Verizon's "free" iPhone deal is you pay for the phone up front and then receive a bill credit. Here's the fine print from one of those deals:

$729.99 purchase on device payment or at retail price required. New line req'd. Unlimited Welcome, Unlimited Plus or Unlimited Ultimate plans required. Less $730 promo credit applied to account over 36 mos; promo credit ends if eligibility requirements are no longer met; 0% APR.Taxes & fees may apply. Credits will appear on your Verizon Wireless bill.

https://www.verizon.com/shop/online/free-5g-phones/

I don’t know or care much about the specific details but the article was written in 2025. Carriers run deals and give away iPhones or close enough to free or cheap that quibbling about the details is irrelevant.

If you think the iPhone is a status symbol you’re just wrong.

That's not free except at point of sale.
It’s free enough that my point stands and I’m close-minded to any further discussion about it.
Corporate america is the past. Momentum is carrying capital out of the country. Pay attention to rate of change.
What source are you using for your claim that capital is flowing out of the country? I'm curious to read more about it.
I don't think that's a particularly bold claim after thirty straight years of moving supply chains overseas. Capital is, inherently, the means of production. The world where we could compete is gone.
Capital is not the means of production. Capital is capital. If I have a few million dollars in my bank account I don’t all of a sudden have a factory. Remember from economics class you need capital, labor, and the means of production.

Capital inflows are different from manufacturing outflows. The US has historically imported capital which is part of why we have such a large trade imbalance. I’d encourage you to do some more digging here.

> The world where we could compete is gone.

Sigh no that’s just not true at all. We compete hard and fast all day everyday, economy is growing and will continue to do so, and no amount of leftist doomer, Chinese, Iranian, or Russian propaganda changes those facts.

> I have a few million dollars in my bank account I don’t all of a sudden have a factory.

No but money only has value because of a product of the human labor and production capacity it refers to. Money is not capital, it is a reference to/legal coercion of capital

> We compete hard and fast all day everyday

Sir have you ever been to the us? Lmao. We are only competitive in the industry of white collar work (financial/artisanal services), an industry that capital is actively gutting

> No but money only has value because of a product of the human labor and production capacity it refers to. Money is not capital, it is a reference to/legal coercion of capital

These are just strings of words without meaning or importance.

> Sir have you ever been to the us? Lmao. We are only competitive in the industry of white collar work (financial/artisanal services), an industry that capital is actively gutting

Yes, I live here.
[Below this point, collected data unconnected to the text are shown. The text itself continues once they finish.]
(* For $\varepsilon>0$ let $\alpha(\varepsilon)=\inf_{0<x<\min\{\varepsilon,1\}}(x-x^3)^{-2/3}$, which equals $(\varepsilon-\varepsilon^3)^{-2/3}$ if $\varepsilon\le3^{-1/2}$ and $3\cdot2^{-2/3}=1.8898\ldots$ otherwise. Then for every $\varepsilon>0$, $$\max_{1\le k\le n}\sigma_k^2\le\alpha(\varepsilon)\sup_{0<x\le\varepsilon}\big(xL_n(x)\big)^{2/3}.$$
   Context: $X_1,\dots,X_n$ are independent real random variables with $\mathbb E X_k=0$, $\sigma_k^2=\mathbb E X_k^2<\infty$, normalized so that $\sum_{k=1}^n\sigma_k^2=1$; $L_n(z)=\sum_{k=1}^n\mathbb E X_k^2\mathbf 1(|X_k|\ge z)$ for $z\ge0$. *)

From HB Require Import structures.
From mathcomp Require Import all_boot all_order all_algebra.
From mathcomp Require Import all_classical all_reals all_analysis.
Set Implicit Arguments. Unset Strict Implicit. Unset Printing Implicit Defensive.
Import Order.TTheory GRing.Theory Num.Theory.
Local Open Scope classical_set_scope.
Local Open Scope ring_scope.

Definition mutually_independent {d} {T : measurableType d} {R : realType}
  (P : probability T R) (n : nat) (X : 'I_n -> {RV P >-> R}) : Prop :=
  forall (J : {set 'I_n}) (B : 'I_n -> set R),
    (forall i, measurable (B i)) ->
    P (\bigcap_(i in [set` mem J]) (X i @^-1` B i)) =
    (\prod_(i in J) P (X i @^-1` B i))%E.

Definition sigma2 {d} {T : measurableType d} {R : realType}
  (P : probability T R) (Y : T -> R) : R :=
  fine 'E_P[(fun w => Y w ^+ 2)].

Definition Lind {d} {T : measurableType d} {R : realType}
  (P : probability T R) (n : nat) (X : 'I_n -> {RV P >-> R}) (z : R) : R :=
  \sum_(k < n)
    fine 'E_P[(fun w => X k w ^+ 2 * \1_[set w | z <= `|X k w|] w)].

Definition alpha {R : realType} (eps : R) : R :=
  inf [set (x - x ^+ 3) `^ (- (2 / 3)) | x in `]0, Num.min eps 1[].

From HB Require Import structures.
From mathcomp Require Import all_boot all_order all_algebra.
From mathcomp Require Import all_classical all_reals all_analysis.
From mathcomp Require Import measurable_realfun ring lra.
Import Order.TTheory GRing.Theory Num.Theory.
Local Open Scope classical_set_scope.
Local Open Scope ring_scope.

(* For every k and x > 0,
     sigma_k^2 <= x^2 + E[X_k^2 1(|X_k| >= x)] <= x^2 + L_n(x).
   Let s = max_k sigma_k^2 <= 1 and x = y sqrt s with 0 < y < min(eps, 1),
   so that 0 < x <= eps.  Then x L_n(x) >= x (s - x^2) = s^(3/2) (y - y^3),
   i.e. s <= (y - y^3)^(-2/3) (x L_n(x))^(2/3); take the infimum over y. *)

Lemma ler_term_sum (R : numDomainType) (I : finType) (F : I -> R) (k : I) :
  (forall i, 0 <= F i) -> F k <= \sum_i F i.
Proof. by move=> F_ge0; rewrite (bigD1 k) //= lerDl sumr_ge0. Qed.

Lemma exprn_powR_divn {R : realType} (m n : nat) (t : R) :
  (0 < m)%N -> 0 <= t -> (t ^+ m) `^ (n%:R / m%:R) = t ^+ n.
Proof.
move=> m0 t0; rewrite -powR_mulrn // -powRrM mulrCA divff ?pnatr_eq0 -?lt0n //.
by rewrite mulr1 powR_mulrn.
Qed.

Section alpha.
Context (R : realType) (eps : R).
Hypothesis eps_gt0 : 0 < eps.

Let m := Num.min eps 1.

Let m_gt0 : 0 < m. Proof. by rewrite lt_min eps_gt0 ltr01. Qed.

Let alpha_set_neq0 : [set (y - y ^+ 3) `^ (- (2 / 3)) | y in `]0, m[] !=set0.
Proof.
exists ((m / 2 - (m / 2) ^+ 3) `^ (- (2 / 3))), (m / 2) => //=.
by rewrite in_itv /=; apply/andP; split; have := m_gt0; lra.
Qed.

Lemma alpha_ge0 : 0 <= alpha eps.
Proof. by apply: lb_le_inf => // _ [y _ <-]; exact: powR_ge0. Qed.

Lemma le_alpha_mul (a b : R) : 0 <= b ->
  (forall y, y \in `]0, m[ -> a <= (y - y ^+ 3) `^ (- (2 / 3)) * b) ->
  a <= alpha eps * b.
Proof.
move=> b0 ha; have [_ [z z_itv _]] := alpha_set_neq0.
have [b_eq0|b_neq0] := eqVneq b 0.
  by have := ha z z_itv; rewrite b_eq0 !mulr0.
have b_gt0 : 0 < b by rewrite lt_neqAle eq_sym b_neq0.
rewrite -ler_pdivrMr //; apply: lb_le_inf => // _ [y y_itv <-].
by rewrite ler_pdivrMr // ha.
Qed.

End alpha.

Section sup_bound.
Context (R : realType) (eps s : R) (L : R -> R).
Hypotheses (s_ge0 : 0 <= s) (s_le1 : s <= 1).
Hypothesis L_ge : forall x, 0 < x <= eps -> s - x ^+ 2 <= L x.
Let E := [set (x * L x) `^ (2 / 3) | x in `]0, eps]].
Hypothesis E_ub : has_ubound E.

Lemma le_powR_mul_sup y : 0 < s -> y \in `]0, Num.min eps 1[ ->
  s <= (y - y ^+ 3) `^ (- (2 / 3)) * sup E.
Proof.
rewrite in_itv /= lt_min => s_gt0 /andP[y_gt0 /andP[y_lt_eps y_lt1]].
set c := y - y ^+ 3.
have c_gt0 : 0 < c by rewrite /c; nra.
set t := Num.sqrt s.
have t_gt0 : 0 < t by rewrite sqrtr_gt0.
have t_le1 : t <= 1 by rewrite -sqrtr1 ler_sqrt.
have t2 : t ^+ 2 = s by rewrite sqr_sqrtr.
set x := y * t.
have x_gt0 : 0 < x by rewrite mulr_gt0.
have x_le_eps : x <= eps by rewrite /x; nra.
have cube_le : t ^+ 3 * c <= x * L x.
  have -> : t ^+ 3 * c = x * (s - x ^+ 2) by rewrite -t2 /x /c; ring.
  by rewrite ler_wpM2l ?L_ge ?x_gt0 // ltW.
have pow_le : s * c `^ (2 / 3) <= (x * L x) `^ (2 / 3).
  have t_ge0 := ltW t_gt0; have c_ge0 := ltW c_gt0.
  rewrite -t2 -(exprn_powR_divn 3 2 t isT t_ge0) -powRM ?exprn_ge0 //.
  have cube_ge0 : 0 <= t ^+ 3 * c by rewrite mulr_ge0 ?exprn_ge0.
  apply: (ge0_ler_powR _ _ _ cube_le) => //; rewrite nnegrE //.
  exact: le_trans cube_ge0 cube_le.
have x_in_E : E ((x * L x) `^ (2 / 3)) by exists x; rewrite //= in_itv /= x_gt0.
rewrite powRN mulrC ler_pdivlMr ?powR_gt0 //.
exact: le_trans pow_le (ub_le_sup E_ub x_in_E).
Qed.

Lemma le_alpha_mul_sup : 0 < eps -> s <= alpha eps * sup E.
Proof.
move=> eps_gt0.
have E_eps : E ((eps * L eps) `^ (2 / 3)).
  by exists eps; rewrite //= in_itv /= eps_gt0 lexx.
have sup_ge0 : 0 <= sup E := le_trans (powR_ge0 _ _) (ub_le_sup E_ub E_eps).
have [->|s_neq0] := eqVneq s 0; first by rewrite mulr_ge0 ?alpha_ge0.
apply: le_alpha_mul => // y; apply: le_powR_mul_sup.
by rewrite lt_neqAle eq_sym s_neq0.
Qed.

End sup_bound.

Section tail_moment.
Context {R : realType} {d : measure_display} {T : measurableType d}
  (P : probability T R).

Definition tail_sqr (Y : T -> R) (x : R) (w : T) : R :=
  Y w ^+ 2 * \1_[set w | x <= `|Y w|] w.

Definition tail_moment (Y : T -> R) (x : R) : R := fine 'E_P[tail_sqr Y x].

Lemma sigma2_ge0 (Y : T -> R) : 0 <= sigma2 P Y.
Proof. by apply/fine_ge0/expectation_ge0 => w; rewrite sqr_ge0. Qed.

Lemma tail_sqr_ge0 (Y : T -> R) x w : 0 <= tail_sqr Y x w.
Proof. by rewrite mulr_ge0 ?sqr_ge0 ?indic_ge0. Qed.

Lemma tail_sqr_le (Y : T -> R) x w : tail_sqr Y x w <= Y w ^+ 2.
Proof.
by rewrite /tail_sqr indicE; case: (_ \in _); rewrite ?mulr1 ?mulr0 ?sqr_ge0.
Qed.

Lemma sqr_le_tail_sqr (Y : T -> R) x w :
  0 <= x -> Y w ^+ 2 <= tail_sqr Y x w + x ^+ 2.
Proof.
move=> x0; rewrite /tail_sqr indicE; have [xY|Yx] := lerP x `|Y w|.
  by rewrite mem_set // mulr1 lerDl sqr_ge0.
rewrite memNset ?mulr0 ?add0r; last by rewrite /= leNgt Yx.
by rewrite -real_normK ?num_real // lerXn2r ?nnegrE ?normr_ge0 // ltW.
Qed.

Lemma tail_moment_ge0 (Y : T -> R) x : 0 <= tail_moment Y x.
Proof. exact/fine_ge0/expectation_ge0/tail_sqr_ge0. Qed.

Variable Y : {RV P >-> R}.
Hypothesis Y_L2 : (Y : T -> R) \in Lfun P 2%:E.

Let mY : measurable_fun setT (Y : T -> R). Proof. exact: measurable_funPT. Qed.

Let mY2 : measurable_fun setT (fun w => Y w ^+ 2).
Proof. exact: measurable_funX. Qed.

Lemma measurable_tail_sqr x : measurable_fun setT (tail_sqr Y x).
Proof.
apply: measurable_funM => //; apply/measurable_indic.
have mnY := measurableT_comp (@normr_measurable R setT) mY.
have := measurable_fun_ler (f := cst x) (measurable_cst x) mnY measurableT
  (Y := [set true]).
by rewrite setTI; apply.
Qed.

Lemma tail_sqr_Lfun1 x : tail_sqr Y x \in Lfun P 1.
Proof.
apply/Lfun1_integrable.
apply: (le_integrable measurableT _ _ (Lfun2_integrable_sqr Y_L2)).
  exact/measurable_EFinP/measurable_tail_sqr.
move=> w _ /=; rewrite lee_fin !ger0_norm ?sqr_ge0 ?tail_sqr_ge0 //.
exact: tail_sqr_le.
Qed.

Lemma fin_num_expectation_sqr : ('E_P[fun w => (Y w ^+ 2)%R] \is a fin_num)%E.
Proof.
rewrite unlock.
exact: (integrable_fin_num measurableT (Lfun2_integrable_sqr Y_L2)).
Qed.

Lemma fin_num_expectation_tail_sqr x : ('E_P[tail_sqr Y x] \is a fin_num)%E.
Proof. exact/expectation_fin_num/tail_sqr_Lfun1. Qed.

Lemma tail_moment_le_sigma2 x : tail_moment Y x <= sigma2 P Y.
Proof.
apply: (fine_le (fin_num_expectation_tail_sqr x) fin_num_expectation_sqr).
apply: expectation_le => //; first exact: measurable_tail_sqr.
- exact: tail_sqr_ge0.
- by move=> w; rewrite sqr_ge0.
- exact/(aeW P)/tail_sqr_le.
Qed.

Lemma sigma2_le_tail_moment x :
  0 <= x -> sigma2 P Y <= tail_moment Y x + x ^+ 2.
Proof.
move=> x0; rewrite -lee_fin EFinD.
rewrite !fineK ?fin_num_expectation_sqr ?fin_num_expectation_tail_sqr //.
rewrite -(expectation_cst P) -expectationD ?Lfun_cst ?tail_sqr_Lfun1 //.
apply: expectation_le => //.
- by apply: measurable_funD => //; exact: measurable_tail_sqr.
- by move=> w; rewrite sqr_ge0.
- by move=> w; rewrite addr_ge0 ?tail_sqr_ge0 ?sqr_ge0.
- by apply: (aeW P) => w; exact: sqr_le_tail_sqr.
Qed.

End tail_moment.

Theorem lemma4 (R : realType) (d : measure_display) (T : measurableType d)
  (P : probability T R) (n : nat) (X : 'I_n -> {RV P >-> R})
  (hind : mutually_independent X)
  (hL2 : forall k, (X k : T -> R) \in Lfun P 2%:E)
  (hmean : forall k, ('E_P[X k] = 0)%E)
  (hnorm : \sum_(k < n) sigma2 P (X k) = 1)
  (eps : R) (heps : 0 < eps) :
  \big[Num.max/0]_(k < n) sigma2 P (X k) <=
  alpha eps * sup [set (x * Lind X x) `^ (2 / 3) | x in `]0, eps]].
Proof.
have tail_le_Lind k x : tail_moment P (X k) x <= Lind X x.
  exact: ler_term_sum (fun i => tail_moment_ge0 P (X i) x).
have Lind_ge0 x : 0 <= Lind X x.
  by apply: sumr_ge0 => k _; exact: tail_moment_ge0.
have Lind_le1 x : Lind X x <= 1.
  rewrite -hnorm; apply: ler_sum => k _.
  exact: tail_moment_le_sigma2 (hL2 k) x.
apply: le_alpha_mul_sup => //.
- exact: bigmax_ge_id.
- apply: bigmax_le => // k _; rewrite -hnorm.
  exact: ler_term_sum (fun i => sigma2_ge0 P (X i)).
- move=> x /andP[x_gt0 _]; rewrite lerBlDr; apply: bigmax_le => [|k _].
    by rewrite addr_ge0 ?sqr_ge0.
  apply: le_trans (sigma2_le_tail_moment _ _ (hL2 k) x (ltW x_gt0)) _.
  by rewrite lerD2r.
- exists (eps `^ (2 / 3)) => _ [x /andP[x_gt0 x_le_eps] <-].
  apply: (ge0_ler_powR _ _ _ (_ : x * Lind X x <= eps)) => //.
  + by rewrite nnegrE mulr_ge0 ?Lind_ge0 // ltW.
  + by rewrite nnegrE ltW.
  + by rewrite -[eps]mulr1 ler_pM ?Lind_ge0 ?Lind_le1 // ltW.
Qed.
Why are you posting obviously untrue and asinine statements like this? Go look at the Fortune 500. There ya go. What other evidence do you need? And not only are you writing dumb things here, your original post was wrong too! Please get off of social media or whatever doomscrolling news you are partaking in because it is bad for your health and perception of reality. The United States by any measure, as a matter of indisputable fact, a highly competitive and dynamic economy across pretty much all sectors. This is not up for debate.